A lo largo del siglo XIX, diversas teorías postularon lo que muchos denominaron transmutación de unas especies en otras: según estos científicos, las especies no eran inmutables, sino que las similitudes entre unas y otras se debían a antecesores comunes. Muy diversas versiones de estas ideas fueron apareciendo, y no vamos a detallarlas aquí, pues no es el objetivo de este artículo; sin embargo, sí quiero resaltar el clima hostil que había, por aquel entonces, hacia esas teorías, utilizando un ejemplo: el de Robert Chambers y su Vestigios de la Historia Natural de la Creación.
Robert Chambers (1802-1871).
Chambers era miembro de la Geological Society de Londres, y sus estudios de geología, junto con lo que había leído sobre la transmutación de especies, le habían llevado a la conclusión de que todo lo que hoy vemos era el resultado del cambio a partir de formas anteriores más primitivas: se trataba de una teoría evolutiva, pero no sólo biológica, sino cósmica.

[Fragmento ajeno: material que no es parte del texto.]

Lemma sum_inv_window_le (b Q : R) n : 0 < b -> 1 <= Q ->
  lsum (seq 0 n) (fun m => if in_window (b / Q) b m then / INR m else 0) <= Q + 1.
Proof.
  intros Hb HQ. set (a := Rmax (b / Q) 1).
  assert (Ha : 1 <= a) by apply Rmax_r.
  (* [1/m <= (b + 1) (1/m - 1/(m+1))] for [m < b], and the latter sum telescopes *)
  apply Rle_trans with ((b + 1) * lsum (seq 0 n) (inv_gap_from a)).
  { rewrite <- lsum_scal_l. apply lsum_le; intros m _. unfold inv_gap_from.
    destruct (in_window (b / Q) b m) eqn:E.
    - apply in_window_spec in E as [E1 E2].
      assert (Hbq : 0 < b / Q) by (apply Rdiv_lt_0_compat; lra).
      assert (Hma : a <= INR m).
      { apply Rmax_lub; auto. destruct m; [cbn in *; lra|].
        rewrite S_INR; pose proof (pos_INR m); lra. }
      destruct (Rle_dec a (INR m)); [|lra].
      replace (/ INR m - / (INR m + 1)) with (/ INR m * / (INR m + 1)) by (field; lra).
      replace (/ INR m) with (/ INR m * / (INR m + 1) * (INR m + 1)) at 1 by (field; lra).
      rewrite (Rmult_comm (b + 1)). apply Rmult_le_compat_l; [|lra].
      apply Rmult_le_pos; apply Rlt_le, Rinv_0_lt_compat; lra.
    - destruct (Rle_dec a (INR m)); [|lra].
      assert (/ (INR m + 1) <= / INR m) by (apply Rinv_le_contravar; lra). nra. }
  eapply Rle_trans; [apply Rmult_le_compat_l; [lra|apply sum_inv_gap_from_le; lra]|].
  unfold a. destruct (Rle_dec (b / Q) 1).
  - rewrite Rmax_right, Rinv_1 by auto.
    assert (b <= Q)
      by (apply (Rmult_le_reg_r (/ Q)); [apply Rinv_0_lt_compat; lra|]; rewrite Rinv_r; lra).
    lra.
  - rewrite Rmax_left by lra. replace ((b + 1) * / (b / Q)) with (Q + Q / b) by (field; lra).
    assert (Q / b <= 1); [|lra].
    assert (Q < b)
      by (apply (Rmult_lt_reg_r (/ Q)); [apply Rinv_0_lt_compat; lra|]; rewrite Rinv_r; lra).
    apply (Rmult_le_reg_r b); auto. unfold Rdiv. rewrite Rmult_assoc, Rinv_l; lra.
Qed.

Section FareySieve.
Variables (Q b shift : R) (N n : nat).
Hypotheses (HQ : 1 <= Q) (Hb : 0 < b) (HbN : b ^ 2 <= INR N) (HN : (1 <= N)%nat).

Let F := farey_pairs (b / Q) b n.
Let point (p : nat * nat) : R := INR (snd p) / INR (fst p) - shift.

Lemma farey_pairs_denom_pos m k : In (m, k) F -> 0 < INR m < b.
Proof.
  intros Hin. destruct (in_farey_pairs _ _ _ _ _ Hin) as [[H1 H2] _].
  split; auto. eapply Rlt_le_trans; [|apply H1]. apply Rdiv_lt_0_compat; lra.
Qed.

Lemma farey_weight_le : lsum F (fun p => (/ INR (fst p)) ^ 2) <= Q + 1.
Proof.
  eapply Rle_trans; [|apply (sum_inv_window_le b Q n Hb HQ)].
  unfold F. rewrite lsum_farey_pairs. apply lsum_le; intros m _.
  destruct (in_window (b / Q) b m) eqn:E; [|apply Rle_refl].
  apply in_window_spec in E as [E _].
  assert (0 < INR m) by (eapply Rlt_le_trans; [|apply E]; apply Rdiv_lt_0_compat; lra).
  apply Rle_trans with (lsum (seq 0 m) (fun _ => (/ INR m) ^ 2)).
  { apply lsum_le; intros k _. destruct (Nat.gcd k m =? 1); [apply Rle_refl|apply pow2_ge_0]. }
  rewrite lsum_const, length_seq. right. field. lra.
Qed.

Lemma farey_points_separated p p' (z : Z) : In p F -> In p' F -> p <> p' ->
  / INR N <= Rabs (point p - point p' + IZR z).
Proof.
  destruct p as [m k], p' as [m' k']. intros Hp Hp' Hne.
  destruct (in_farey_pairs _ _ _ _ _ Hp) as (_ & K1 & G1).
  destruct (in_farey_pairs _ _ _ _ _ Hp') as (_ & K2 & G2).
  pose proof (farey_pairs_denom_pos _ _ Hp). pose proof (farey_pairs_denom_pos _ _ Hp').
  unfold point; cbn [fst snd].
  replace (INR k / INR m - shift - (INR k' / INR m' - shift) + IZR z)
    with (INR k / INR m - INR k' / INR m' + IZR z) by ring.
  eapply Rle_trans; [|apply reduced_fractions_separated; auto].
  apply Rinv_le_contravar; [nra|]. simpl in HbN. nra.
Qed.

Lemma farey_large_sieve_sum_le (H : nat) (c : nat -> nat -> Cx) (C0 : R) : 0 <= C0 ->
  (forall u, lsum (seq 0 H) (fun h => Cnorm2 (c u h)) <= C0) ->
  lsum (seq 0 H) (fun h => lsum F (fun p =>
     / INR (fst p) * Cnorm (clsum (seq 0 N) (fun u => Cmul (c u h) (ee (INR u * point p))))))
  <= sqrt (20 * (Q + 1)) * sqrt (C0 * INR H) * INR N.
Proof.
  intros HC0 Hc. set (X h := lsum (seq 0 N) (fun u => Cnorm2 (c u h))).
  assert (HX : forall h, 0 <= X h) by (intros; apply lsum_nonneg; intros; apply Cnorm2_nonneg).
  assert (HNp : 0 <= INR N) by apply pos_INR.
  apply Rle_trans with (lsum (seq 0 H) (fun h => sqrt (Q + 1) * sqrt (20 * INR N) * sqrt (X h))).
  { apply lsum_le; intros h _.
    eapply Rle_trans; [apply lsum_Cauchy_Schwarz|].
    rewrite Rmult_assoc, <- (sqrt_mult (20 * INR N)) by (auto; lra).
    apply Rmult_le_compat; try apply sqrt_pos; apply sqrt_le_1_alt; [apply farey_weight_le|].
    rewrite (lsum_ext _ (fun p => Cnorm _ ^ 2) (fun p => Cnorm2 (clsum (seq 0 N)
               (fun u => Cmul (c u h) (ee (INR u * point p)))))) by (intros; apply Cnorm_sqr).
    apply large_sieve; [apply NoDup_farey_pairs|auto|]. intros; now apply farey_points_separated. }
  rewrite lsum_scal_l.
  eapply Rle_trans; [apply Rmult_le_compat_l; [|apply lsum_sqrt_le; auto]|].
  { apply Rmult_le_pos; apply sqrt_pos. }
  rewrite length_seq.
  assert (Hsum : lsum (seq 0 H) X <= INR N * C0).
  { unfold X. rewrite lsum_swap. eapply Rle_trans; [apply lsum_le; intros; apply Hc|].
    rewrite lsum_const, length_seq. lra. }
  apply sqrt_le_1_alt in Hsum.
  assert (E : sqrt (Q + 1) * sqrt (20 * INR N) * (sqrt (INR H) * sqrt (INR N * C0))
              = sqrt (20 * (Q + 1)) * sqrt (C0 * INR H) * (sqrt (INR N) * sqrt (INR N))).
  { pose proof (pos_INR H). rewrite !sqrt_mult by lra. ring. }
  rewrite sqrt_sqrt in E by auto.
  rewrite <- E. apply Rmult_le_compat_l; [apply Rmult_le_pos; apply sqrt_pos|].
  apply Rmult_le_compat_l; [apply sqrt_pos|auto].
Qed.

End FareySieve.

(** * The sum S(M, d, l) *)

Lemma Ssum_eq_farey_sum q P alpha mu nu M d kappa rho1 l theta :
  (1 <= q)%nat -> (0 < M)%Z -> (1 <= d)%Z ->
  Ssum q P alpha mu nu M d kappa rho1 l theta
  = lsum (seq 0 (q ^ rho1)) (fun h =>
      lsum (farey_pairs (IZR M / IZR d / INR q) (IZR M / IZR d) (Z.to_nat M)) (fun p =>
        / INR (fst p) * Cnorm (clsum (seq 0 (q ^ kappa)) (fun u =>
          Cmul (cfun q P alpha kappa rho1 l u h)
               (ee (INR u * (INR (snd p) / INR (fst p) - theta / powerRZ (INR q) (mu + nu)))))))).
Proof.
  intros Hq HM Hd.
  assert (Hq0 : 0 < INR q) by (apply lt_0_INR; lia).
  assert (HM0 : 0 < IZR M) by (apply IZR_lt; lia).
  assert (Hd0 : 1 <= IZR d) by (apply IZR_le; lia).
  assert (Hpw : 0 < powerRZ (INR q) (mu + nu)) by (apply powerRZ_lt; lra).
  unfold Ssum. rewrite rsum_lsum. apply lsum_ext; intros h _.
  rewrite rsum_lsum, lsum_farey_pairs. apply lsum_ext; intros m _.
  replace (IZR M / IZR d / INR q) with (IZR M / (INR q * IZR d)) by (field; lra).
  unfold in_window. destruct (Rle_dec (IZR M / (INR q * IZR d)) (INR m)) as [Hm|]; [|reflexivity].
  destruct (Rlt_dec (INR m) (IZR M / IZR d)); [|reflexivity].
  assert (0 < INR m) by (eapply Rlt_le_trans; [|apply Hm]; apply Rdiv_lt_0_compat; nra).
  rewrite rsum_lsum, <- lsum_scal_l. apply lsum_ext; intros k _.
  destruct (Nat.gcd k m =? 1); [|ring]. cbn [fst snd].
  rewrite csum_clsum. do 2 f_equal. apply clsum_ext; intros u _. do 2 f_equal. field. lra.
Qed.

Combinaba la teoría nebular de la formación del Sistema Solar con aspectos de geología, botánica, zoología…, y todo giraba alrededor del cambio hacia la perfección (que, dado el momento y lugar de la concepción de la teoría, era el hombre blanco europeo, pero bueno, ya se sabe, todos siempre somos los mejores).
En 1844, Chambers publica sus teorías en un libro, Vestiges of the Natural History of Creation (Vestigios de la Historia Natural de la Creación); sin embargo, como todos sus contemporáneos con ideas parecidas, es perfectamente consciente de que hacer sus ideas públicas conllevaría el ostracismo, los constantes ataques de las figuras de autoridad científicas y religiosas (en muchos casos, las mismas personas) y, en general, multitud de problemas para sí mismo y su familia. Como digo, quiero emplear este ejemplo para que te des cuenta de hasta dónde la discusión sobre la evolución no era en aquel entonces algo libre.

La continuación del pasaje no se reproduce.